(RECORD SET Opens)

(* Every countable ordinal $\alpha$ is $\mathrm{VD}_*$-sum-indecomposable: if $\mathfrak A$ is a countable scattered linear ordering with $\mathrm{VD}_*(\mathfrak A)=\alpha$ and $\mathfrak A$ is a sum augmentation of linear orderings $\mathfrak B_1,\dots,\mathfrak B_n$, then some $\mathfrak B_i$ is scattered with $\mathrm{VD}_*(\mathfrak B_i)=\alpha$.
   Context: All linear orderings are countable. A linear ordering is scattered if $(\mathbb Q;<)$ does not embed into it. For a linear ordering $\mathfrak I$ and orderings $(\mathfrak A_i)_{i\in I}$, the $\mathfrak I$-sum $\sum_{i\in\mathfrak I}\mathfrak A_i$ is the disjoint union ordered lexicographically (first by index in $\mathfrak I$, then within $\mathfrak A_i$). The classes $\mathcal{VD}_\alpha$ ($\alpha$ countable ordinal): $\mathcal{VD}_0=\{\mathbf 0,\mathbf 1\}$ (empty and one-point orderings); for $\alpha>0$, $\mathcal{VD}_\alpha$ consists of all finite sums, $\omega$-sums, $\omega^*$-sums and $\zeta$-sums (indexed by $(\mathbb N;\le)$, $(\mathbb N;\ge)$, $(\mathbb Z;\le)$) of elements of $\mathcal{VD}_{<\alpha}=\bigcup_{\beta<\alpha}\mathcal{VD}_\beta$. Every countable scattered ordering lies in some $\mathcal{VD}_\alpha$. $\mathrm{VD}_*(\mathfrak A)$ for scattered $\mathfrak A$ is the least $\alpha$ such that $\mathfrak A$ is a finite sum of elements of $\mathcal{VD}_\alpha$. $\mathfrak A$ is a sum augmentation of $\mathfrak B_1,\dots,\mathfrak B_n$ if $A=A_1\uplus\dots\uplus A_n$ with $\mathfrak A\restriction A_i\cong\mathfrak B_i$. *)

From Stdlib Require Import QArith ZArith Arith.

Record LO := mkLO {
  car :> Type;
  rel : car -> car -> Prop;
  rel_irrefl : forall x, ~ rel x x;
  rel_trans : forall x y z, rel x y -> rel y z -> rel x z;
  rel_total : forall x y, x <> y -> rel x y \/ rel y x;
  car_countable : exists f : car -> nat, forall x y, f x = f y -> x = y
}.

Definition bijective {X Y : Type} (f : X -> Y) : Prop :=
  (forall x y, f x = f y -> x = y) /\ (forall y, exists x, f x = y).

Definition Iso (X : Type) (rX : X -> X -> Prop) (Y : Type) (rY : Y -> Y -> Prop) : Prop :=
  exists f : X -> Y, bijective f /\ forall x y, rX x y <-> rY (f x) (f y).

Definition scattered (A : LO) : Prop :=
  ~ exists f : Q -> car A, forall p q, (p < q)%Q -> rel A (f p) (f q).

Definition lexlt {I : Type} (ltI : I -> I -> Prop) (F : I -> LO)
  (x y : {i : I & car (F i)}) : Prop :=
  ltI (projT1 x) (projT1 y) \/
  exists e : projT1 x = projT1 y,
    rel (F (projT1 y)) (eq_rect _ (fun i => car (F i)) (projT2 x) _ e) (projT2 y).

Definition IsSum (I : Type) (ltI : I -> I -> Prop) (F : I -> LO) (A : LO) : Prop :=
  Iso {i : I & car (F i)} (lexlt ltI F) (car A) (rel A).

Definition fin_idx (n : nat) := {k : nat | (k < n)%nat}.
Definition fin_lt {n : nat} (i j : fin_idx n) : Prop := (proj1_sig i < proj1_sig j)%nat.

(** * Countable ordinals as Brouwer trees *)
Inductive ord : Type :=
| OZ : ord
| OS : ord -> ord
| OL : (nat -> ord) -> ord.  (* supremum of a sequence *)

Inductive ole : ord -> ord -> Prop :=
| ole_zero : forall y, ole OZ y
| ole_trans : forall x y z, ole x y -> ole y z -> ole x z
| ole_succ : forall x y, ole x y -> ole (OS x) (OS y)
| ole_cocone : forall x f k, ole x (f k) -> ole x (OL f)
| ole_limiting : forall f x, (forall k, ole (f k) x) -> ole (OL f) x.

Definition olt (x y : ord) : Prop := ole (OS x) y.

(* VD_alpha = {0,1} together with all finite/omega/omega*/zeta sums of
   elements of VD_{<alpha}; this agrees with the paper's definition
   (for alpha > 0, {0,1} = VD_0 is contained in the 1-term finite sums). *)
Inductive VD : ord -> LO -> Prop :=
| VD_zero : forall a (A : LO), (car A -> False) -> VD a A
| VD_one : forall a (A : LO), (exists x : car A, forall y, y = x) -> VD a A
| VD_fin : forall a (A : LO) n (F : fin_idx n -> LO),
    (forall i, exists b, olt b a /\ VD b (F i)) ->
    IsSum (fin_idx n) fin_lt F A -> VD a A
| VD_omega : forall a (A : LO) (F : nat -> LO),
    (forall i, exists b, olt b a /\ VD b (F i)) ->
    IsSum nat Peano.lt F A -> VD a A
| VD_omegastar : forall a (A : LO) (F : nat -> LO),
    (forall i, exists b, olt b a /\ VD b (F i)) ->
    IsSum nat (fun i j => (j < i)%nat) F A -> VD a A
| VD_zeta : forall a (A : LO) (F : Z -> LO),
    (forall i, exists b, olt b a /\ VD b (F i)) ->
    IsSum Z Z.lt F A -> VD a A.

Definition FinSumOf (P : LO -> Prop) (A : LO) : Prop :=
  exists n (F : fin_idx n -> LO), (forall i, P (F i)) /\ IsSum (fin_idx n) fin_lt F A.

Definition VDstar_is (A : LO) (a : ord) : Prop :=
  FinSumOf (VD a) A /\ forall b, olt b a -> ~ FinSumOf (VD b) A.

Definition sum_augmentation (A : LO) (n : nat) (B : fin_idx n -> LO) : Prop :=
  exists part : car A -> fin_idx n,
    forall i, Iso {x : car A | part x = i}
                  (fun x y => rel A (proj1_sig x) (proj1_sig y))
                  (car (B i)) (rel (B i)).

(** We work with subsets [S] of a fixed countable linear order
    [(T, lt)] instead of abstract orderings: [VDset lt a S] says that [S] is,
    as a suborder, in the class VD_a, where every infinite sum is presented
    as a [Z]-indexed sum of consecutive (possibly empty) blocks, and
    [FinVDset lt a S] says that [S] is a finite sum of such sets.  These
    notions are hereditary (closed under subsets), monotone in the rank and
    invariant under reversing the order.

    The heart of the argument is a local characterisation: [S] is VD_a iff
    every closed interval of [S] with distinct end points is a finite sum of
    sets of rank below [a] (lemmas [VDset_interval] and [VDset_of_intervals]).
    With it we prove, by well-founded induction on the rank, that a union of
    two [FinVDset a] sets is again [FinVDset a] ([FinVDset_union]): a
    monotone counting labelling cuts the union into finitely many pieces,
    each of whose small intervals lies in a lower rank.

    If every part [B_i] of a sum
    augmentation of [A] had VD_*-rank below [a], the parts would share a
    common rank [c < a] and their union [A] would be a finite sum of VD_c
    orderings, contradicting [VDstar_is A a]. *)

From Stdlib Require Import QArith ZArith Arith Lia Classical ClassicalEpsilon ProofIrrelevance.
Open Scope nat_scope.

(** ** Countable ordinals *)

(** A structurally recursive reformulation of [ole]: it recurses on [x] and,
    below a successor [OS x'], on [y].  It coincides with [ole]
    ([ole_s_sound], [ole_s_complete]) and makes the order laws provable by
    plain induction. *)
Fixpoint ole_s (x y : ord) {struct x} : Prop :=
  match x with
  | OZ => True
  | OS x' =>
      (fix lt_s (y : ord) : Prop :=
         match y with
         | OZ => False
         | OS y' => ole_s x' y'
         | OL g => exists k, lt_s (g k)
         end) y
  | OL f => forall k, ole_s (f k) y
  end.

Lemma ole_s_cocone : forall x g k, ole_s x (g k) -> ole_s x (OL g).
Proof.
  induction x as [|x IH|f IH]; intros g k H; simpl in *; auto.
  - exists k; exact H.
  - intros j; eapply IH; eauto.
Qed.

Lemma ole_s_refl : forall x, ole_s x x.
Proof.
  induction x as [|x IH|f IH]; simpl; auto.
  intros k; eapply ole_s_cocone; apply IH.
Qed.

Lemma ole_s_trans : forall x y z, ole_s x y -> ole_s y z -> ole_s x z.
Proof.
  induction x as [|x IHx|f IHf]; intros y z H1 H2.
  - exact I.
  - revert z H1 H2. induction y as [|y IHy|g IHg]; intros z H1 H2.
    + destruct H1.
    + revert H2. induction z as [|z IHz|h IHh]; intros H2.
      * destruct H2.
      * simpl in *. eapply IHx; eauto.
      * destruct H2 as [k Hk]. exists k. apply IHh. exact Hk.
    + destruct H1 as [k Hk]. eapply IHg. exact Hk. apply H2.
  - simpl in *. intros k. eapply IHf; eauto.
Qed.

Lemma ole_s_sound : forall x y, ole x y -> ole_s x y.
Proof.
  intros x y H; induction H; simpl; eauto using ole_s_trans, ole_s_cocone.
Qed.

Lemma ole_s_complete : forall x y, ole_s x y -> ole x y.
Proof.
  induction x as [|x IHx|f IHf]; intros y H.
  - constructor.
  - induction y as [|y IHy|g IHg].
    + destruct H.
    + constructor. apply IHx. exact H.
    + destruct H as [k Hk]. eapply ole_cocone. apply IHg. exact Hk.
  - constructor. intros k. apply IHf. apply H.
Qed.

Lemma ole_refl : forall x, ole x x.
Proof. intros; apply ole_s_complete, ole_s_refl. Qed.

Lemma ole_succ_inv : forall a b, ole (OS a) (OS b) -> ole a b.
Proof. intros a b H. apply ole_s_complete, (ole_s_sound _ _ H). Qed.

Lemma olt_irrefl : forall x, ~ olt x x.
Proof.
  unfold olt; intros x H; apply ole_s_sound in H; revert H.
  induction x as [|x IH|f IH]; intros H.
  - exact H.
  - apply IH. exact H.
  - destruct H as [k Hk]. apply (IH k).
    assert (Hfk : ole_s (OS (f k)) (OS (OL f))) by (eapply ole_s_cocone, ole_s_refl).
    eapply ole_s_trans; eauto.
Qed.

Lemma ole_succ : forall x, ole x (OS x).
Proof.
  induction x as [|x IH|f IH].
  - constructor.
  - constructor. exact IH.
  - constructor. intros k. eapply ole_trans. apply IH.
    constructor. eapply ole_cocone. apply ole_refl.
Qed.

Lemma olt_ole : forall x y, olt x y -> ole x y.
Proof. unfold olt; intros; eapply ole_trans. apply ole_succ. eassumption. Qed.

Lemma olt_ole_trans : forall x y z, olt x y -> ole y z -> olt x z.
Proof. unfold olt; intros; eapply ole_trans; eauto. Qed.

Lemma ole_total : forall x y, ole x y \/ olt y x.
Proof.
  induction x as [|x IHx|f IHf]; intros y.
  - left; constructor.
  - induction y as [|y IHy|g IHg].
    + right. constructor. constructor.
    + destruct (IHx y) as [H|H].
      * left. constructor. exact H.
      * right. constructor. exact H.
    + destruct (classic (exists k, ole (OS x) (g k))) as [[k Hk]|Hn].
      * left. eapply ole_cocone; eauto.
      * right. constructor. constructor. intros k.
        destruct (IHg k) as [H|H]; [exfalso; eauto|].
        apply ole_succ_inv. exact H.
  - destruct (classic (forall k, ole (f k) y)) as [H|H].
    + left. constructor. exact H.
    + apply not_all_ex_not in H. destruct H as [k Hk].
      destruct (IHf k y) as [H|H]; [contradiction|].
      right. eapply ole_cocone. exact H.
Qed.

Lemma olt_wf : well_founded olt.
Proof.
  assert (down : forall x y, Acc olt y -> ole x y -> Acc olt x).
  { intros x y Ha Hxy. constructor. intros z Hz. apply (Acc_inv Ha).
    eapply olt_ole_trans; eauto. }
  intros x; induction x as [|x IH|f IH].
  - constructor. intros z Hz. apply ole_s_sound in Hz. destruct Hz.
  - constructor. intros z Hz. eapply down. exact IH. apply ole_succ_inv. exact Hz.
  - constructor. intros z Hz.
    destruct (classic (exists k, ole (OS z) (f k))) as [[k Hk]|Hn].
    + apply (Acc_inv (IH k)). exact Hk.
    + exfalso. apply (olt_irrefl z). eapply olt_ole_trans. exact Hz.
      constructor. intros k. destruct (ole_total (OS z) (f k)) as [H|H].
      * exfalso; eauto.
      * apply ole_succ_inv. exact H.
Qed.

Lemma olt_bound2 : forall a b1 b2, olt b1 a -> olt b2 a ->
  exists c, olt c a /\ ole b1 c /\ ole b2 c.
Proof.
  intros a b1 b2 H1 H2. destruct (ole_total b1 b2) as [H|H].
  - exists b2; repeat split; auto using ole_refl.
  - exists b1; repeat split; auto using ole_refl, olt_ole.
Qed.

Lemma olt_bound_upto : forall a (g : nat -> ord) N, (forall i, i <= N -> olt (g i) a) ->
  exists c, olt c a /\ forall i, i <= N -> ole (g i) c.
Proof.
  intros a g N; induction N as [|N IH]; intros H.
  - exists (g 0). split; [apply H; lia|].
    intros i Hi. replace i with 0 by lia. apply ole_refl.
  - destruct IH as [c [Hc1 Hc2]]; [intros; apply H; lia|].
    destruct (olt_bound2 a c (g (S N))) as [d [Hd1 [Hd2 Hd3]]]; auto.
    exists d; split; auto. intros i Hi. destruct (Nat.eq_dec i (S N)) as [->|Hne]; auto.
    eapply ole_trans; [apply Hc2; lia|auto].
Qed.

Lemma olt_bound_fin : forall a n (g : fin_idx n -> ord), 1 <= n ->
  (forall i, olt (g i) a) -> exists c, olt c a /\ forall i, ole (g i) c.
Proof.
  intros a n g Hn Hg.
  set (G := fun j => match lt_dec j n with left p => g (exist _ j p) | right _ => g (exist _ 0 Hn) end).
  destruct (olt_bound_upto a G (n - 1)) as [c [Hc HGc]].
  { intros j _. unfold G. destruct (lt_dec j n); apply Hg. }
  exists c; split; auto. intros [j p]. specialize (HGc j ltac:(lia)). unfold G in HGc.
  destruct (lt_dec j n) as [q|q]; [|lia].
  replace p with q by apply proof_irrelevance. exact HGc.
Qed.

(** ** The VD hierarchy on subsets of a fixed order *)

(** A sum of
    lower-rank blocks is given by a block map [blk : T -> Z] that is monotone
    on [S]; blocks may be empty, so the single [Z]-indexed constructor covers
    finite, [omega], [omega*] and [zeta] sums at once. *)
Inductive VDset {T : Type} (lt : T -> T -> Prop) : ord -> (T -> Prop) -> Prop :=
| VDset_empty : forall a S, (forall x, ~ S x) -> VDset lt a S
| VDset_single : forall a S x, S x -> (forall y, S y -> y = x) -> VDset lt a S
| VDset_sum : forall a S (blk : T -> Z) (b : Z -> ord),
    (forall x y, S x -> S y -> lt x y -> (blk x <= blk y)%Z) ->
    (forall z, olt (b z) a) ->
    (forall z, VDset lt (b z) (fun x => S x /\ blk x = z)) -> VDset lt a S.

(RECORD SET Closes)

→ ABOUT THIS EXERCISE
From the records above, extract exactly and only the lines that begin at the line with "Definition sum_augmentation (A" and stop after the line with "augmentation of [A]".

→ EXERCISE OUTPUT
Definition sum_augmentation (A : LO) (n : nat) (B : fin_idx n -> LO) : Prop :=
  exists part : car A -> fin_idx n,
    forall i, Iso {x : car A | part x = i}
                  (fun x y => rel A (proj1_sig x) (proj1_sig y))
                  (car (B i)) (rel (B i)).

(** We work with subsets [S] of a fixed countable linear order
    [(T, lt)] instead of abstract orderings: [VDset lt a S] says that [S] is,
    as a suborder, in the class VD_a, where every infinite sum is presented
    as a [Z]-indexed sum of consecutive (possibly empty) blocks, and
    [FinVDset lt a S] says that [S] is a finite sum of such sets.  These
    notions are hereditary (closed under subsets), monotone in the rank and
    invariant under reversing the order.

    The heart of the argument is a local characterisation: [S] is VD_a iff
    every closed interval of [S] with distinct end points is a finite sum of
    sets of rank below [a] (lemmas [VDset_interval] and [VDset_of_intervals]).
    With it we prove, by well-founded induction on the rank, that a union of
    two [FinVDset a] sets is again [FinVDset a] ([FinVDset_union]): a
    monotone counting labelling cuts the union into finitely many pieces,
    each of whose small intervals lies in a lower rank.

    If every part [B_i] of a sum
    augmentation of [A] had VD_*-rank below [a], the parts would share a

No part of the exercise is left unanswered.